Review for NeurIPS paper: Optimization and Generalization Analysis of Transduction through Gradient Boosting and Application to Multi-scale Graph Neural Networks

NeurIPS 2020

Optimization and Generalization Analysis of Transduction through Gradient Boosting and Application to Multi-scale Graph Neural Networks

Review 1

Summary and Contributions: This paper analyzes a boosting algorithm that is related to multi-scale GNN, for optimization and generalization bounds. It also provides empirical observations for the boosting algorithm.

Strengths: The claims are sound, the paper is not too incremental, and relevant to the NeurIPS community.

Weaknesses: The claims are sound, but somewhat trivial given previous results. The proofs are simply the combinations of standard known results. So, this paper does not provide a new proof technique or insights in terms of theory. But, it applies that to an interesting question about multi-scale GNN, which is good.

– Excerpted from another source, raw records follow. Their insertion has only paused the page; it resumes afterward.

(* Let $d \ge 2$ and let $a_1, \dots, a_d > 0$ be arbitrary reals. Let \[ S = \left\{ x \in \mathbb{R}^d \,:\, x_1, \dots, x_d \ge 0,\ \frac{x_1}{a_1} + \cdots + \frac{x_d}{a_d} \le 1 \right\}, \] and for every $I \subseteq [d] = \{1, \dots, d\}$ let \[ C_I = \left\{ x \in \mathbb{R}^d \,:\, \sum_{i \in I} \frac{|x_i|}{a_i} \le 1,\ x_j = 0 \text{ for all } j \in [d] \setminus I \right\}. \] Then for every real $t > 0$, \[ \left| tS \cap \mathbb{Z}^d \right| = \frac{1}{2^d} \sum_{I \subseteq [d]} \left| tC_I \cap \mathbb{Z}^d \right|. \]
   Context: For a set $P \subseteq \mathbb{R}^d$ and $t>0$, $tP = \{tx : x \in P\}$, and $|\cdot|$ applied to a set denotes its cardinality. For $I = \emptyset$ the set $C_\emptyset$ is $\{0\}$. *)

From HB Require Import structures.
From mathcomp Require Import all_boot all_order all_algebra.
From mathcomp Require Import finmap boolp classical_sets cardinality reals.
Set Implicit Arguments. Unset Strict Implicit. Unset Printing Implicit Defensive.
Import Order.TTheory GRing.Theory Num.Theory.
Local Open Scope ring_scope.
Local Open Scope classical_set_scope.
Local Open Scope fset_scope.

(* Points of R^d are row vectors 'rV[R]_d; coordinate i of x is x 0 i
   (coordinates indexed by 'I_d = {0,..,d-1} instead of {1,..,d}). *)

Definition simplexS (R : realType) (d : nat) (a : 'I_d -> R) : set 'rV[R]_d :=
  [set x | (forall i, 0 <= x 0 i) /\ \sum_(i < d) x 0 i / a i <= 1].

Definition crossC (R : realType) (d : nat) (a : 'I_d -> R) (I : {set 'I_d})
    : set 'rV[R]_d :=
  [set x | \sum_(i in I) `|x 0 i| / a i <= 1 /\
           (forall j, j \notin I -> x 0 j = 0)].

Definition dilate (R : realType) (d : nat) (t : R) (P : set 'rV[R]_d)
    : set 'rV[R]_d := [set t *: x | x in P].

Definition Zlattice (R : realType) (d : nat) : set 'rV[R]_d :=
  [set x | forall i, x 0 i \is a Num.int].

(* |P cap Z^d| (the sets in question are finite). *)
Definition lattice_count (R : realType) (d : nat) (P : set 'rV[R]_d) : nat :=
  #|` fset_set (P `&` @Zlattice R d)%classic |.

From HB Require Import structures.
From mathcomp Require Import all_boot all_order all_algebra.
From mathcomp Require Import finmap boolp classical_sets cardinality reals.
From mathcomp Require Import lra.
Set Implicit Arguments. Unset Strict Implicit. Unset Printing Implicit Defensive.
Import Order.TTheory GRing.Theory Num.Theory.
Local Open Scope ring_scope.

(* Double counting with signs.  A lattice point x of tS together with a set
   E of coordinates determines the lattice point y of tC_I, where
   I = E ∪ supp x, y_i = x_i for i in E and y_i = -x_i otherwise;
   conversely x = |y| and E = {i in I | y_i >= 0}.  To count, the lattice points of these
   bounded sets are encoded as functions from [d] to a finite box. *)

Lemma card_in_bij {T1 T2 : finType} {A : {set T1}} {B : {set T2}}
    (f : T1 -> T2) (g : T2 -> T1) :
  {in A, forall x, f x \in B} -> {in B, forall y, g y \in A} ->
  {in A, cancel f g} -> {in B, cancel g f} -> #|A| = #|B|.
Proof.
move=> fAB gBA fK gK; have -> : B = f @: A.
  apply/setP => y; apply/idP/imsetP => [yB | [x xA ->]]; last exact: fAB.
  by exists (g y); rewrite ?gK ?gBA.
by rewrite card_in_imset //; apply: can_in_inj fK.
Qed.

Lemma card_imfset_set {T : finType} {U : choiceType} {f : T -> U}
    (S : {set T}) :
  injective f -> #|` [fset f k | k in S]%fset| = #|S|.
Proof.
move=> f_inj; rewrite card_imfset // cardE; apply/perm_size/uniq_perm.
- exact: enum_finmem_uniq.
- exact: enum_uniq.
- by move=> k; rewrite enum_finmemE.
Qed.

Lemma ler_sum_sub {R : numDomainType} {I : finType} (A : {pred I}) (f : I -> R) :
  (forall i, 0 <= f i) -> \sum_(i in A) f i <= \sum_i f i.
Proof.
move=> f_ge0; rewrite big_mkcond /=.
by apply: ler_sum => i _; case: ifP.
Qed.

Lemma dilateE {R : realType} {d : nat} (t : R) (P : set 'rV[R]_d) :
  t != 0 -> dilate t P = [set x | P (t^-1 *: x)]%classic.
Proof.
move=> t0; apply/seteqP; split => x /=.
- by move=> [y Py <-]; rewrite scalerA mulVf ?scale1r.
- by move=> Px; exists (t^-1 *: x); rewrite // scalerA divff ?scale1r.
Qed.

Lemma sumr_invM_le1 {R : realFieldType} {I : finType} (A : {pred I})
    (f : I -> R) (t : R) :
  0 < t -> (\sum_(i in A) t^-1 * f i <= 1) = (\sum_(i in A) f i <= t).
Proof. by move=> t_gt0; rewrite -mulr_sumr mulrC ler_pdivrMr ?mul1r. Qed.

Section DilatedPolytopes.
Variables (R : realType) (d : nat) (a : 'I_d -> R) (t : R).
Hypotheses (a_gt0 : forall i, 0 < a i) (t_gt0 : 0 < t).

Definition in_simplex (x : 'rV[R]_d) : bool :=
  [forall i, 0 <= x 0 i] && (\sum_i x 0 i / a i <= t).

Definition in_cross (I : {set 'I_d}) (x : 'rV[R]_d) : bool :=
  [forall j, (j \notin I) ==> (x 0 j == 0)] &&
  (\sum_(i in I) `|x 0 i| / a i <= t).

Lemma dilate_simplexS : dilate t (simplexS a) = [set x | in_simplex x]%classic.
Proof.
rewrite dilateE ?gt_eqF //; apply/eq_set => x; apply/propext.
have ge0E i : (0 <= (t^-1 *: x) 0 i) = (0 <= x 0 i).
  by rewrite mxE pmulr_rge0 ?invr_gt0.
have sumE : (\sum_i (t^-1 *: x) 0 i / a i <= 1) = (\sum_i x 0 i / a i <= t).
  by under eq_bigr do rewrite mxE -mulrA; apply: sumr_invM_le1.
rewrite /simplexS /in_simplex /= sumE andbC.
split=> [[x_ge0 ->] | /andP[-> /forallP x_ge0]].
  by apply/forallP => i; rewrite -ge0E.
by split=> // i; rewrite ge0E.
Qed.

Lemma dilate_crossC I : dilate t (crossC a I) = [set x | in_cross I x]%classic.
Proof.
rewrite dilateE ?gt_eqF //; apply/eq_set => x; apply/propext.
have eq0E j : ((t^-1 *: x) 0 j = 0) <-> (x 0 j = 0).
  rewrite mxE; split=> [/eqP|->]; rewrite ?mulr0 //.
  by rewrite mulf_eq0 invr_eq0 gt_eqF // => /eqP.
have sumE : (\sum_(i in I) `|(t^-1 *: x) 0 i| / a i <= 1) =
            (\sum_(i in I) `|x 0 i| / a i <= t).
  under eq_bigr do rewrite mxE normrM gtr0_norm ?invr_gt0 // -mulrA.
  exact: sumr_invM_le1.
rewrite /crossC /in_cross /= sumE andbC.
split=> [[-> supp] | /andP[-> /forallP supp]]; last first.
  by split=> // j /(implyP (supp j)) /eqP /eq0E.
by apply/forallP => j; apply/implyP => /supp /eq0E ->.
Qed.

Lemma in_simplex_crossT x : in_simplex x -> in_cross [set: 'I_d] x.
Proof.
case/andP => /forallP x_ge0 sum_le; apply/andP; split.
  by apply/forallP => j; rewrite inE.
under eq_bigl do rewrite inE.
by under eq_bigr do rewrite ger0_norm //.
Qed.

Lemma in_cross_norm_le I x i : in_cross I x -> `|x 0 i| <= t * a i.
Proof.
case/andP => /forallP supp sum_le.
have [iI | iNI] := boolP (i \in I); last first.
  by rewrite (eqP (implyP (supp i) iNI)) normr0 mulr_ge0 ?ltW.
rewrite -ler_pdivrMr //; apply: le_trans sum_le.
rewrite (bigD1 i) //= lerDl; apply: sumr_ge0 => j _.
by rewrite divr_ge0 // (ltW (a_gt0 j)).
Qed.

End DilatedPolytopes.

Section LatticeBox.
Variables (R : realType) (d N : nat).

Local Notation box := 'I_(N + N).+1.

(* The box {-N, ..., N}, on which [rev_ord] acts as negation. *)
Definition boxval (c : box) : R := c%:R - N%:R.

Lemma boxval_inj : injective boxval.
Proof. by move=> c c' /addIr /eqP; rewrite eqr_nat => /eqP /val_inj. Qed.

Lemma boxval_rev c : boxval (rev_ord c) = - boxval c.
Proof.
rewrite /boxval /= subSS natrB ?natrD; last exact: ltn_ord c.
lra.
Qed.

Lemma boxval_int c : boxval c \is a Num.int.
Proof. by rewrite rpredB ?natr_int. Qed.

Lemma boxvalP r : r \is a Num.int -> `|r| <= N%:R -> exists c, boxval c = r.
Proof.
move=> r_int; rewrite ler_norml => /andP[r_ge r_le].
have r_nat : (Num.truncn (r + N%:R))%:R = r + N%:R.
  by apply/eqP; rewrite -natrEtruncn natrEint rpredD ?natr_int //=; lra.
exists (inord (Num.truncn (r + N%:R))).
rewrite /boxval inordK; first by rewrite r_nat; lra.
by rewrite ltnS truncn_le_nat -addn1 !natrD; lra.
Qed.

Definition boxabs (c : box) : box := if 0 <= boxval c then c else rev_ord c.

Lemma boxval_abs c : boxval (boxabs c) = `|boxval c|.
Proof.
rewrite /boxabs; case: ifP => [c_ge0 | /negbT]; first by rewrite ger0_norm.
by rewrite -ltNge boxval_rev => /ltr0_norm ->.
Qed.

Definition boxrow (k : {ffun 'I_d -> box}) : 'rV[R]_d := \row_i boxval (k i).

Lemma boxrowE k : boxrow k 0 = boxval \o k.
Proof. by apply/funext => i; rewrite mxE. Qed.

Lemma boxrow_inj : injective boxrow.
Proof.
move=> k k' /(congr1 (fun x : 'rV[R]_d => x 0)); rewrite !boxrowE => kk'.
by apply/ffunP => i; apply: boxval_inj; have /= := congr1 (@^~ i) kk'.
Qed.

Lemma lattice_count_box (p : pred 'rV[R]_d) :
    (forall x, p x -> forall i, `|x 0 i| <= N%:R) ->
  lattice_count [set x | p x]%classic = #|[set k | p (boxrow k)]|.
Proof.
move=> p_bnd; rewrite /lattice_count -(card_imfset_set _ boxrow_inj).
congr (#|` _|); rewrite -[RHS]set_fsetK; congr fset_set.
apply/seteqP; split=> [x [/= px x_int] | _ /imfsetP[k /= + ->]]; last first.
  by rewrite inE => pk; split=> // i; rewrite boxrowE boxval_int.
have /fin_all_exists[k kE] i : exists c, boxval c = x 0 i.
  by apply: boxvalP; [apply: x_int | apply: p_bnd].
have xE : boxrow (finfun k) = x by apply/rowP => i; rewrite mxE ffunE kE.
by apply/imfsetP; exists (finfun k); rewrite ?inE xE.
Qed.

End LatticeBox.

Section SignedCount.
Variables (R : realType) (d N : nat) (a : 'I_d -> R) (t : R).
Hypothesis a_gt0 : forall i, 0 < a i.

Local Notation box := 'I_(N + N).+1.
Local Notation vec := {ffun 'I_d -> box}.
Local Notation bv := (@boxval R N).

Definition to_cross (p : vec * {set 'I_d}) : {set 'I_d} * vec :=
  (p.2 :|: [set i | bv (p.1 i) != 0],
   [ffun i => if i \in p.2 then p.1 i else rev_ord (p.1 i)]).

Definition of_cross (q : {set 'I_d} * vec) : vec * {set 'I_d} :=
  ([ffun i => boxabs R (q.2 i)], [set i in q.1 | 0 <= bv (q.2 i)]).

Definition simplex_signs : {set vec * {set 'I_d}} :=
  finset.setX [set k | in_simplex a t (boxrow R k)] (powerset [set: 'I_d]).

Definition cross_points : {set {set 'I_d} * vec} :=
  [set q | in_cross a t q.1 (boxrow R q.2)].

Lemma in_simplex_boxrow k :
  in_simplex a t (boxrow R k) =
  [forall i, 0 <= bv (k i)] && (\sum_i bv (k i) / a i <= t).
Proof. by rewrite /in_simplex boxrowE. Qed.

Lemma in_cross_boxrow I k :
  in_cross a t I (boxrow R k) =
  [forall j, (j \notin I) ==> (bv (k j) == 0)] &&
  (\sum_(i in I) `|bv (k i)| / a i <= t).
Proof. by rewrite /in_cross boxrowE. Qed.

Lemma to_cross_in : {in simplex_signs, forall p, to_cross p \in cross_points}.
Proof.
move=> [k E].
rewrite !inE finset.subsetT andbT in_simplex_boxrow in_cross_boxrow.
case/andP=> /forallP k_ge0 sum_le; apply/andP; split.
  apply/forallP => j; apply/implyP; rewrite /= !inE negb_or negbK ffunE.
  case/andP => /negbTE -> /eqP kj0.
  by rewrite boxval_rev kj0 oppr0.
rewrite (eq_bigr (fun i => bv (k i) / a i)) => [|i _]; last first.
  by rewrite ffunE; case: ifP => _; rewrite ?boxval_rev ?normrN ger0_norm ?k_ge0.
by apply: le_trans sum_le; apply: ler_sum_sub => i; rewrite divr_ge0 ?k_ge0 ?ltW.
Qed.

Lemma of_cross_in : {in cross_points, forall q, of_cross q \in simplex_signs}.
Proof.
move=> [I y].
rewrite !inE finset.subsetT andbT in_simplex_boxrow in_cross_boxrow /=.
case/andP=> /forallP y_supp sum_le; apply/andP; split.
  by apply/forallP => i; rewrite ffunE boxval_abs.
under eq_bigr do rewrite ffunE boxval_abs.
rewrite (bigID (mem I)) /= [X in _ + X]big1 ?addr0 // => i iNI.
by rewrite (eqP (implyP (y_supp i) iNI)) normr0 mul0r.
Qed.

Lemma to_crossK : {in simplex_signs, cancel to_cross of_cross}.
Proof.
move=> [k E]; rewrite !inE finset.subsetT andbT in_simplex_boxrow.
case/andP => /forallP k_ge0 _.
congr (_, _).
  apply/ffunP => i; apply: (@boxval_inj R); rewrite !ffunE boxval_abs.
  by case: ifP => _; rewrite ?boxval_rev ?normrN ger0_norm ?k_ge0.
apply/setP => i; rewrite !inE ffunE; case: ifP => _ /=; first exact: k_ge0.
by rewrite boxval_rev oppr_ge0 eq_sym -lt_def ltNge k_ge0.
Qed.

Lemma of_crossK : {in cross_points, cancel of_cross to_cross}.
Proof.
move=> [I y]; rewrite inE in_cross_boxrow /= => /andP[/forallP y_supp _].
congr (_, _).
  apply/setP => i; rewrite !inE ffunE boxval_abs normr_eq0.
  have [iI | iNI] := boolP (i \in I); first by case: leP => //= /lt_eqF ->.
  by rewrite (eqP (implyP (y_supp i) iNI)) lexx eqxx.
apply/ffunP => i; apply: (@boxval_inj R); rewrite !ffunE !inE.
case: ifP => [/andP[_ /ger0_norm] | /negbT]; rewrite ?boxval_abs //.
rewrite boxval_rev boxval_abs.
rewrite /= negb_and -ltNge => /orP[iNI | /ltr0_norm ->]; last exact: opprK.
by rewrite (eqP (implyP (y_supp i) iNI)) normr0 oppr0.
Qed.

Lemma card_simplex_signs :
  (#|[set k : vec | in_simplex a t (boxrow R k)]| * 2 ^ d)%N =
  \sum_(I : {set 'I_d}) #|[set k : vec | in_cross a t I (boxrow R k)]|.
Proof.
have -> : \sum_(I : {set 'I_d}) #|[set k : vec | in_cross a t I (boxrow R k)]| =
          #|cross_points|.
  under eq_bigr do rewrite -sum1dep_card.
  by rewrite pair_big_dep /= sum1dep_card.
have -> : (2 ^ d)%N = #|powerset [set: 'I_d]|.
  by rewrite card_powerset cardsT card_ord.
rewrite -cardsX.
exact: card_in_bij to_cross_in of_cross_in to_crossK of_crossK.
Qed.

End SignedCount.

Theorem proposition1 (R : realType) (d : nat) (hd : (2 <= d)%N)
    (a : 'I_d -> R) (ha : forall i, 0 < a i) (t : R) (ht : 0 < t) :
  (lattice_count (dilate t (simplexS a)))%:R =
    (2 ^+ d)^-1 * \sum_(I : {set 'I_d}) (lattice_count (dilate t (crossC a I)))%:R
      :> R.
Proof.
have [N t_a_le] : exists N : nat, forall i, t * a i <= N%:R.
  exists (Num.truncn (t * \sum_i a i)).+1 => i.
  apply: le_trans (ltW (truncnS_gt _)).
  rewrite ler_wpM2l ?(ltW ht) // (bigD1 i) //= lerDl.
  by apply: sumr_ge0 => j _; apply: ltW.
have cross_bnd I x : in_cross a t I x -> forall i, `|x 0 i| <= N%:R.
  by move=> xI i; apply: le_trans (in_cross_norm_le ha ht i xI) (t_a_le i).
rewrite dilate_simplexS // (lattice_count_box (N := N)); last first.
  by move=> x /in_simplex_crossT; apply: cross_bnd.
under eq_bigr => I _ do
  rewrite dilate_crossC // (lattice_count_box (cross_bnd I)).
rewrite -natr_sum -card_simplex_signs // natrM natrX mulrC mulfK //.
by rewrite expf_neq0 // pnatr_eq0.
Qed.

Correctness: The claims seem to be correct overall. The claim on "test error bound monotonically decreasing with depth" should be deleted for sure. This is not supported by the results here. This claim requires the several assumptions implicitly made in this paper that are not validated and would be invalidated in the future. First, the test error bound in theorem 2 contains D^(t), which contains 2^L factor, which increases exponentially as the depth increases. There are also other terms that can increase as depth increase. Therefore, "the test error bound monotonically decreasing with depth" is not valid, and I suspect the opposite: this test error bound indeed increases with depth for practical cases. But, I understand that this seems to stem from discrepancy in terminology at first glance. Depth in this paper means depth in aggregation functions over t, instead of depth for classification networks L. But, depth in aggregation functions do not contain any nonlinear activation, which is the reason why this bound does not contain 2^T factor or other factor that grows exponentially in t in the test error bound. If we use non-linearity in-between aggregation functions G, we have the same issue for depth in aggregation functions over t too. Therefore, this is not just due to the discrepancy in terminology, but fundamental in proof.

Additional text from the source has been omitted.